Ah, the classic dilemma of finding the longest subarray of 1’s after deleting just one element. It’s like trying to find the longest stretch of uninterrupted Netflix binge-watching after your roommate decides to hog the remote. You know you can only kick them out (delete one element) once, but you want to maximize your viewing pleasure (the length of 1’s).

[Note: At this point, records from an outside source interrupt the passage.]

(* Let $\Re$ be a commutative Krasner hyperring with identity $1\ne0$ and $\phi:L(\Re)\to L(\Re)\cup\{\emptyset\}$ a function with $\phi\le\phi_3$. If $T$ is a proper $\phi$-primary hyperideal of $\Re$, then $T$ is a $w$-primary hyperideal.
   Context: Krasner hyperring: $(\Re,\oplus)$ canonical hypergroup, $(\Re,\circ)$ commutative semigroup with identity $1\ne0$, $0$ absorbing, distributive. Hyperideals, $L(\Re)$, powers $N^n$ as usual. $\phi_3(N)=N^3$, $\phi_w(N)=\bigcap_{n\ge1}N^n$; $\phi\le\phi_3$ means $\phi(N)\subseteq N^3$ for all $N$. $N$ is $\sigma$-primary if $a\circ b\in N$, $a\circ b\notin\sigma(N)$ imply $a\in N$ or $b^k\in N$ for some $k\in\mathbb{N}$; $w$-primary means $\phi_w$-primary. *)

From Stdlib Require Import List.
Import ListNotations.

(* A commutative Krasner hyperring with identity 1 <> 0.
   hplus x y z  means  z \in x (+) y. *)
Record KrasnerHyperring := {
  carrier :> Type;
  hplus : carrier -> carrier -> carrier -> Prop;
  hzero : carrier;
  hneg : carrier -> carrier;
  hmul : carrier -> carrier -> carrier;
  hone : carrier;
  hplus_nonempty : forall x y, exists z, hplus x y z;
  hplus_assoc : forall x y z w,
    (exists u, hplus x y u /\ hplus u z w) <-> (exists v, hplus y z v /\ hplus x v w);
  hplus_comm : forall x y z, hplus x y z <-> hplus y x z;
  hplus_zero : forall x z, hplus hzero x z <-> z = x;
  hplus_neg : forall x, hplus x (hneg x) hzero;
  hplus_neg_unique : forall x y, hplus x y hzero -> y = hneg x;
  hplus_reversible : forall x y z, hplus x y z -> hplus (hneg x) z y /\ hplus z (hneg y) x;
  hmul_assoc : forall x y z, hmul x (hmul y z) = hmul (hmul x y) z;
  hmul_comm : forall x y, hmul x y = hmul y x;
  hmul_one : forall x, hmul hone x = x;
  hone_neq_zero : hone <> hzero;
  hmul_zero : forall x, hmul hzero x = hzero;
  (* distributivity: z o (x (+) y) = z o x (+) z o y  (as sets) *)
  hmul_distr : forall x y z w,
    (exists u, hplus x y u /\ w = hmul z u) <-> hplus (hmul z x) (hmul z y) w
}.

Arguments hplus {R} : rename.
Arguments hzero {R} : rename.
Arguments hneg {R} : rename.
Arguments hmul {R} : rename.
Arguments hone {R} : rename.

Section Defs.
Variable R : KrasnerHyperring.

Definition hset := R -> Prop.

Definition hyperideal (I : hset) : Prop :=
  (exists a, I a) /\
  (forall a b z, I a -> I b -> hplus a (hneg b) z -> I z) /\
  (forall r a, I a -> I (hmul r a)).

Definition proper (I : hset) : Prop := ~ (forall x, I x).

Fixpoint hsum (x : R) (l : list R) : hset :=
  match l with
  | [] => fun z => z = x
  | y :: l' => fun z => exists u, hsum y l' u /\ hplus x u z
  end.

(* product of hyperideals: union of all finite hypersums sum_i a_i o b_i *)
Definition hprod (I J : hset) : hset := fun z =>
  exists (a0 b0 : R) (l : list (R * R)),
    I a0 /\ J b0 /\ (forall p, In p l -> I (fst p) /\ J (snd p)) /\
    hsum (hmul a0 b0) (map (fun p => hmul (fst p) (snd p)) l) z.

(* N^n for n >= 1 : hpow N n = N^(n+1) *)
Fixpoint hpow (N : hset) (n : nat) : hset :=
  match n with
  | O => N
  | S m => hprod (hpow N m) N
  end.

(* N^n with the usual indexing, for n >= 1 *)
Definition hipow (N : hset) (n : nat) : hset := hpow N (pred n).

Fixpoint mpow (b : R) (k : nat) : R :=
  match k with
  | O => hone
  | S m => hmul b (mpow b m)
  end.

Definition phi_3 (N : hset) : hset := hipow N 3.
Definition phi_w (N : hset) : hset := fun x => forall n, 1 <= n -> hipow N n x.

Definition sigma_primary (sigma : hset -> hset) (N : hset) : Prop :=
  hyperideal N /\ proper N /\
  forall a b, N (hmul a b) -> ~ sigma N (hmul a b) ->
    N a \/ exists k, 1 <= k /\ N (mpow b k).

Definition w_primary (N : hset) : Prop := sigma_primary phi_w N.

End Defs.

Arguments hyperideal {R}.
Arguments proper {R}.
Arguments hipow {R}.
Arguments phi_3 {R}.
Arguments phi_w {R}.
Arguments sigma_primary {R}.
Arguments w_primary {R}.

(* Suppose a o b is in T while a is not in T and no power of b is. Then a o b
   lies in phi(T), and this "twin zero" spreads: for i, j in T, perturbing a
   to some z in a (+) i keeps z outside T and z o b inside T, so a o j and
   z o j lie in phi(T), and hence so does i o j, which is in z o j - a o j.
   Thus T^2 is contained in phi(T), which is contained in T^3 and so in T^2.
   The powers T^n stabilise at T^2 from n = 2 on, and a o b, lying in T^3,
   lies in every T^n: the hypothesis that a o b is outside phi_w(T) fails. *)

From Stdlib Require Import List Classical Lia.

Section Hyperring.

Variable R : KrasnerHyperring.

Definition hplus_closed (Q : hset R) : Prop :=
  forall x y z, Q x -> Q y -> hplus x y z -> Q z.

Definition hradical (I : hset R) : hset R :=
  fun y => exists k, 1 <= k /\ I (mpow R y k).

Lemma hneg_involutive (x : R) : hneg (hneg x) = x.
Proof.
  symmetry. apply hplus_neg_unique. apply hplus_comm. apply hplus_neg.
Qed.

Lemma hmul_hplus (x y z w : R) :
  hplus x y w -> hplus (hmul z x) (hmul z y) (hmul z w).
Proof.
  intro H. apply (proj1 (hmul_distr R x y z (hmul z w))). exists w. auto.
Qed.

Section Hyperideal.

Variable I : hset R.
Hypothesis HI : hyperideal I.

Lemma hyperideal_zero : I hzero.
Proof.
  destruct HI as [[a Ha] [_ Hmul]]. rewrite <- (hmul_zero R a). auto.
Qed.

Lemma hyperideal_neg (x : R) : I x -> I (hneg x).
Proof.
  intro Hx. destruct HI as [_ [Hsub _]].
  apply (Hsub hzero x); auto using hyperideal_zero.
  apply hplus_zero. reflexivity.
Qed.

Lemma hyperideal_hplus_closed : hplus_closed I.
Proof.
  intros x y z Hx Hy H. destruct HI as [_ [Hsub _]].
  apply (Hsub x (hneg y)); auto using hyperideal_neg.
  rewrite hneg_involutive. exact H.
Qed.

Lemma hyperideal_mul (r x : R) : I x -> I (hmul r x).
Proof. destruct HI as [_ [_ Hmul]]. auto. Qed.

Lemma hyperideal_hplus_notin (x i z : R) :
  ~ I x -> I i -> hplus x i z -> ~ I z.
Proof.
  intros Hx Hi H Hz. apply Hx.
  apply (hyperideal_hplus_closed z (hneg i)); auto using hyperideal_neg.
  exact (proj2 (hplus_reversible R x i z H)).
Qed.

Lemma mpow_hplus_mod (x j y : R) (k : nat) :
  I j -> hplus x j y -> exists t, I t /\ hplus (mpow R x k) t (mpow R y k).
Proof.
  intros Hj H. induction k as [|k [t [Ht Hk]]]; simpl.
  - exists hzero. split; [exact hyperideal_zero|].
    apply hplus_comm, hplus_zero. reflexivity.
  - (* y^(k+1) is in y o x^k (+) y o t, and y o x^k is in x^(k+1) (+) x^k o j *)
    pose proof (hmul_hplus _ _ y _ Hk) as Hyk.
    pose proof (hmul_hplus _ _ (mpow R x k) _ H) as Hxk.
    rewrite (hmul_comm R (mpow R x k) x), (hmul_comm R (mpow R x k) y) in Hxk.
    destruct (proj1 (hplus_assoc R _ _ _ _) (ex_intro _ _ (conj Hxk Hyk)))
      as [v [Hv Hsum]].
    exists v. split; [|exact Hsum].
    apply (hyperideal_hplus_closed _ _ _ (hyperideal_mul _ _ Hj)
             (hyperideal_mul _ _ Ht) Hv).
Qed.

Lemma hradical_hplus (x j y : R) :
  I j -> hplus x j y -> hradical I x -> hradical I y.
Proof.
  intros Hj H [k [Hk Hx]]. exists k. split; [exact Hk|].
  destruct (mpow_hplus_mod x j y k Hj H) as [t [Ht Hsum]].
  exact (hyperideal_hplus_closed _ _ _ Hx Ht Hsum).
Qed.

Lemma hradical_hplus_notin (y j w : R) :
  ~ hradical I y -> I j -> hplus y j w -> ~ hradical I w.
Proof.
  intros Hy Hj H Hw. apply Hy.
  apply (hradical_hplus w (hneg j)); auto using hyperideal_neg.
  exact (proj2 (hplus_reversible R y j w H)).
Qed.

End Hyperideal.

Lemma hsum_closed (Q : hset R) (l : list R) (x z : R) :
  hplus_closed Q -> Q x -> (forall y, In y l -> Q y) -> hsum R x l z -> Q z.
Proof.
  intro HQ. revert x z.
  induction l as [|y l IH]; intros x z Hx Hl H; simpl in H.
  - subst. exact Hx.
  - destruct H as [u [Hu Hsum]]. apply (HQ x u z Hx); [|exact Hsum].
    apply (IH y u); auto using in_eq, in_cons.
Qed.

Lemma hsum_mul (r : R) (l : list R) (x z : R) :
  hsum R x l z -> hsum R (hmul r x) (map (hmul r) l) (hmul r z).
Proof.
  revert x z.
  induction l as [|y l IH]; intros x z H; simpl in *.
  - subst. reflexivity.
  - destruct H as [u [Hu Hsum]]. exists (hmul r u). auto using hmul_hplus.
Qed.

Lemma hsum_app (l1 l2 : list R) (m n x y z : R) :
  hsum R m l1 x -> hsum R n l2 y -> hplus x y z -> hsum R m (l1 ++ n :: l2) z.
Proof.
  revert m x z.
  induction l1 as [|m' l1 IH]; intros m x z Hx Hy H; simpl in *.
  - subst. exists y. auto.
  - destruct Hx as [u [Hu Hsum]].
    destruct (proj1 (hplus_assoc R m u y z) (ex_intro _ x (conj Hsum H)))
      as [v [Hv1 Hv2]].
    exists v. split; [|exact Hv2]. exact (IH m' u v Hu Hy Hv1).
Qed.

Lemma hprod_hplus_closed (I J : hset R) : hplus_closed (hprod R I J).
Proof.
  intros x y z [a0 [b0 [l [Ha [Hb [Hl Hx]]]]]]
    [c0 [d0 [l' [Hc [Hd [Hl' Hy]]]]]] H.
  exists a0, b0, (l ++ (c0, d0) :: l'). split; [exact Ha|]. split; [exact Hb|].
  split.
  - intros p Hp. apply in_app_or in Hp.
    destruct Hp as [Hp|[<-|Hp]]; auto.
  - rewrite map_app. simpl. eapply hsum_app; eauto.
Qed.

Lemma hprod_mul (I J : hset R) (r x : R) :
  hyperideal I -> hprod R I J x -> hprod R I J (hmul r x).
Proof.
  intros HI [a0 [b0 [l [Ha [Hb [Hl Hx]]]]]].
  exists (hmul r a0), b0, (map (fun p => (hmul r (fst p), snd p)) l).
  split; [exact (hyperideal_mul I HI r a0 Ha)|]. split; [exact Hb|]. split.
  - intros p Hp. apply in_map_iff in Hp. destruct Hp as [q [<- Hq]].
    destruct (Hl q Hq) as [Hq1 Hq2]. split; [exact (hyperideal_mul I HI r _ Hq1) | exact Hq2].
  - rewrite <- hmul_assoc, map_map.
    replace (map _ l) with (map (hmul r) (map (fun p : R * R => hmul (fst p) (snd p)) l)).
    + exact (hsum_mul r _ _ _ Hx).
    + rewrite map_map. apply map_ext. intro. apply hmul_assoc.
Qed.

Lemma hprod_least (I J Q : hset R) :
  hplus_closed Q -> (forall a b, I a -> J b -> Q (hmul a b)) ->
  forall z, hprod R I J z -> Q z.
Proof.
  intros HQ Hgen z [a0 [b0 [l [Ha [Hb [Hl Hz]]]]]].
  refine (hsum_closed Q _ _ _ HQ (Hgen a0 b0 Ha Hb) _ Hz).
  intros y Hy. apply in_map_iff in Hy. destruct Hy as [p [<- Hp]].
  destruct (Hl p Hp). auto.
Qed.

Lemma hprod_monol (I I' J : hset R) (z : R) :
  (forall x, I x -> I' x) -> hprod R I J z -> hprod R I' J z.
Proof.
  intros HII' [a0 [b0 [l [Ha [Hb [Hl Hz]]]]]].
  exists a0, b0, l. split; [auto|]. split; [exact Hb|]. split; [|exact Hz].
  intros p Hp. destruct (Hl p Hp). auto.
Qed.

Lemma hprod_subl (L K : hset R) :
  hplus_closed L -> (forall r x, L x -> L (hmul r x)) ->
  forall z, hprod R L K z -> L z.
Proof.
  intros Hadd Hmul. apply hprod_least; [exact Hadd|].
  intros a b Ha _. rewrite hmul_comm. auto.
Qed.

Lemma hpow_stable (N : hset R) :
  (forall z, hprod R N N z -> hpow R N 2 z) ->
  forall m z, hprod R N N z -> hpow R N (S m) z.
Proof.
  intros Hstab m. induction m as [|m IH]; intros z Hz; [exact Hz|].
  exact (hprod_monol _ _ _ _ IH (Hstab z Hz)).
Qed.

Lemma phi_w_of_stable_sq (N : hset R) (x : R) :
  (forall z, hprod R N N z -> phi_3 N z) -> N x -> hprod R N N x -> phi_w N x.
Proof.
  intros Hstab Hx Hx2 [|[|m]] Hn; [lia | exact Hx |].
  exact (hpow_stable N Hstab m x Hx2).
Qed.

Section TwinZero.

Variables T P : hset R.
Hypothesis HT : hyperideal T.
Hypothesis HP : hyperideal P.
Hypothesis HTP : forall x y,
  T (hmul x y) -> ~ T x -> ~ hradical T y -> P (hmul x y).

(* For w in y (+) j, x o w is again a twin zero, and x o j lies in x o w - x o y. *)
Lemma twin_zero_mul (x y j : R) :
  ~ T x -> ~ hradical T y -> T (hmul x y) -> T j -> P (hmul x j).
Proof.
  intros Hx Hy Hxy Hj.
  destruct (hplus_nonempty R y j) as [w Hw].
  pose proof (hmul_hplus _ _ x _ Hw) as Hxw.
  assert (Pxw : P (hmul x w)).
  { apply HTP; [| exact Hx | exact (hradical_hplus_notin T HT y j w Hy Hj Hw)].
    exact (hyperideal_hplus_closed T HT _ _ _ Hxy (hyperideal_mul T HT _ _ Hj) Hxw). }
  pose proof (HTP x y Hxy Hx Hy) as Pxy.
  exact (hyperideal_hplus_closed P HP _ _ _ (hyperideal_neg P HP _ Pxy) Pxw
           (proj1 (hplus_reversible R _ _ _ Hxw))).
Qed.

Lemma twin_zero_hprod (a b : R) :
  ~ T a -> ~ hradical T b -> T (hmul a b) -> forall z, hprod R T T z -> P z.
Proof.
  intros Ha Hb Hab.
  apply hprod_least; [exact (hyperideal_hplus_closed P HP)|].
  intros i j Hi Hj.
  destruct (hplus_nonempty R a i) as [z Hz].
  assert (Hzb : T (hmul z b)).
  { rewrite hmul_comm.
    apply (hyperideal_hplus_closed T HT (hmul b a) (hmul b i));
      [ rewrite hmul_comm; exact Hab | exact (hyperideal_mul T HT _ _ Hi)
      | exact (hmul_hplus _ _ b _ Hz) ]. }
  pose proof (twin_zero_mul z b j (hyperideal_hplus_notin T HT a i z Ha Hi Hz)
                Hb Hzb Hj) as Pzj.
  pose proof (twin_zero_mul a b j Ha Hb Hab Hj) as Paj.
  pose proof (proj1 (hplus_reversible R _ _ _ (hmul_hplus _ _ j _ Hz))) as Hji.
  rewrite (hmul_comm R j a), (hmul_comm R j z), (hmul_comm R j i) in Hji.
  exact (hyperideal_hplus_closed P HP _ _ _ (hyperideal_neg P HP _ Paj) Pzj Hji).
Qed.

End TwinZero.

End Hyperring.

Theorem mainTheorem13 (R : KrasnerHyperring) (phi : hset R -> hset R)
  (phi_range : forall N : hset R, hyperideal N ->
      hyperideal (phi N) \/ (forall x, ~ phi N x))
  (phi_le_phi3 : forall N : hset R, hyperideal N ->
      forall x, phi N x -> phi_3 N x)
  (T : hset R) (HT : hyperideal T) (HTp : proper T)
  (HTphi : sigma_primary phi T) :
  w_primary T.
Proof.
  destruct HTphi as [_ [_ Hprim]].
  split; [exact HT|]. split; [exact HTp|].
  intros a b Hab Hnw.
  destruct (classic (T a)) as [Ha|Ha]; [left; exact Ha|].
  destruct (classic (hradical R T b)) as [Hb|Hb]; [right; exact Hb|].
  exfalso. apply Hnw.
  assert (Htwin : forall x y, T (hmul x y) -> ~ T x -> ~ hradical R T y ->
                    phi T (hmul x y)).
  { intros x y Hxy Hx Hy. apply NNPP. intro Hn.
    destruct (Hprim x y Hxy Hn); contradiction. }
  pose proof (Htwin a b Hab Ha Hb) as Pab.
  assert (HP : hyperideal (phi T)).
  { destruct (phi_range T HT) as [HP|Hempty]; [exact HP|].
    destruct (Hempty _ Pab). }
  assert (T3_T2 : forall z, phi_3 T z -> hprod R T T z).
  { apply hprod_subl; [apply hprod_hplus_closed|].
    intros r x. apply hprod_mul, HT. }
  apply phi_w_of_stable_sq; [| exact Hab | exact (T3_T2 _ (phi_le_phi3 T HT _ Pab))].
  intros z Hz.
  exact (phi_le_phi3 T HT z (twin_zero_hprod R T (phi T) HT HP Htwin a b Ha Hb Hab z Hz)).
Qed.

In this problem, you are given an array of integers consisting of 0’s and 1’s. Your task is to find the length of the longest contiguous subarray that contains only 1’s after you delete one element (which can be either a 0 or a 1).

Code Solution


class Solution:
    def longestSubarray(self, nums: list[int]) -> int:
        ans = 0
        zeros = 0
        l = 0
        for r, num in enumerate(nums):
            if num == 0:
                zeros += 1
            while zeros == 2:
                if nums[l] == 0:
                    zeros -= 1
                l += 1
            ans = max(ans, r - l)
        return ans

Approach Explanation

The approach used in the code is a sliding window technique. We maintain a window defined by two pointers, l (left) and r (right). As we iterate through the array with the right pointer, we count the number of zeros. If we encounter two zeros, we increment the left pointer until we have at most one zero in our window. This way, we can calculate the maximum length of the subarray of 1’s that can be achieved by deleting one element.

Time and Space Complexity

Complexity Type	Complexity
Time Complexity	O(n)
Space Complexity	O(1)

Real-World Example

Imagine you’re at a party, and you’re trying to find the longest time you can spend with your friends (1’s) before you have to deal with that one annoying person (0) who keeps interrupting. You can only ask them to leave once, so you want to maximize your fun time with your friends. This problem is just like that—finding the longest stretch of good times after dealing with one interruption.